(Collected data entries)

►

Lemma relIdealD x y : I x -> I y -> I (x + y).
Proof. by move=> [s1 ->] [s2 ->]; exists (s1 ++ s2); rewrite big_cat. Qed.

Lemma relIdealMl z x : I x -> I (z * x).
Proof.
move=> [s ->]; exists [seq (z * t.1.1, t.1.2, t.2) | t <- s].
by rewrite big_map mulr_sumr; apply: eq_bigr => t _; rewrite /= !mulrA.
Qed.

Lemma relIdealMr x z : I x -> I (x * z).
Proof.
move=> [s ->]; exists [seq (t.1.1, t.1.2, t.2 * z) | t <- s].
by rewrite big_map mulr_suml; apply: eq_bigr => t _; exact: esym (mulrA _ _ _).
Qed.

Lemma relIdeal_rel k : I (Defs.rel a1 a2 p1 p2 k).
Proof. by exists [:: (1, k, 1)]; rewrite big_seq1 mul1r mulr1. Qed.

Local Notation "x ≡ y" := (eqmod I x y) (at level 70, no associativity).

Lemma eigen_gX1p : ad_eigen I H a1 X1p.
Proof.
have := relIdeal_rel (@Ordinal 10 0 isT).
by rewrite /Defs.rel /= /ad_eigen /eqmod opprD addrA.
Qed.

Lemma eigen_gX1m : ad_eigen I H (- a1) X1m.
Proof.
have := relIdeal_rel (@Ordinal 10 1 isT).
by rewrite /Defs.rel /= /ad_eigen /eqmod opprD addrA scaleNr opprK.
Qed.

Lemma eigen_gX2p : ad_eigen I H a2 X2p.
Proof.
have := relIdeal_rel (@Ordinal 10 2 isT).
by rewrite /Defs.rel /= /ad_eigen /eqmod opprD addrA.
Qed.

Lemma eigen_gX2m : ad_eigen I H (- a2) X2m.
Proof.
have := relIdeal_rel (@Ordinal 10 3 isT).
by rewrite /Defs.rel /= /ad_eigen /eqmod opprD addrA scaleNr opprK.
Qed.

Lemma gX1pX1m : X1p * X1m ≡ phi (p1 \Po ('X - (a1 / 2%:R)%:P)).
Proof. by have := relIdeal_rel (@Ordinal 10 4 isT); rewrite /Defs.rel /= peval_shiftN. Qed.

◄

**WHAT YOU ARE ASKED TO DO:** Repeat the data above starting at the line with "Lemma gX1pX1m : X1p" and ending at its last line, exactly, with no other lines.

**SOLUTION TO THE EXERCISE:**
Lemma gX1pX1m : X1p * X1m ≡ phi (p1 \Po ('X - (a1 / 2%:R)%:P)).
Proof. by have := relIdeal_rel (@Ordinal 10 4 isT); rewrite /Defs.rel /= peval_shiftN. Qed.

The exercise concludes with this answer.